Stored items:
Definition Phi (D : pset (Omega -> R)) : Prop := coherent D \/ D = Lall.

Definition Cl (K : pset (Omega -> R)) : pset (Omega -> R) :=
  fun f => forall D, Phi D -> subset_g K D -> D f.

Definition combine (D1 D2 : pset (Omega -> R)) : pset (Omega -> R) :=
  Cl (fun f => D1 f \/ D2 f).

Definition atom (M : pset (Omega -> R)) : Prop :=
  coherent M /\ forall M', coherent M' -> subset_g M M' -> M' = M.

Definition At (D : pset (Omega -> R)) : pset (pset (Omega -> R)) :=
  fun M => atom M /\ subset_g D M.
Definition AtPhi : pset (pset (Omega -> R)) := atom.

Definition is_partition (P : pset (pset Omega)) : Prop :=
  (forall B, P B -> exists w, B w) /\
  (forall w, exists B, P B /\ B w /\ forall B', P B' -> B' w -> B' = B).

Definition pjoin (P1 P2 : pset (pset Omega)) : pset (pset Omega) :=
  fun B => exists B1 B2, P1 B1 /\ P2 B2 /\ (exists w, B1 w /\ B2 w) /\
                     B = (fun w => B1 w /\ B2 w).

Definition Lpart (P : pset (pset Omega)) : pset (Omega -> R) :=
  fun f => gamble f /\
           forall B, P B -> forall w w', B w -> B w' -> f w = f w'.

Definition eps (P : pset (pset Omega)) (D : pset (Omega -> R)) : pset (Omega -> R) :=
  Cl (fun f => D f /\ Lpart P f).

## Try it:
Only the lines from the one containing "fun f => gamble f /\" through the last line of the entries above should be copied, exactly as written.

## Your solution:
  fun f => gamble f /\
           forall B, P B -> forall w w', B w -> B w' -> f w = f w'.

Definition eps (P : pset (pset Omega)) (D : pset (Omega -> R)) : pset (Omega -> R) :=
  Cl (fun f => D f /\ Lpart P f).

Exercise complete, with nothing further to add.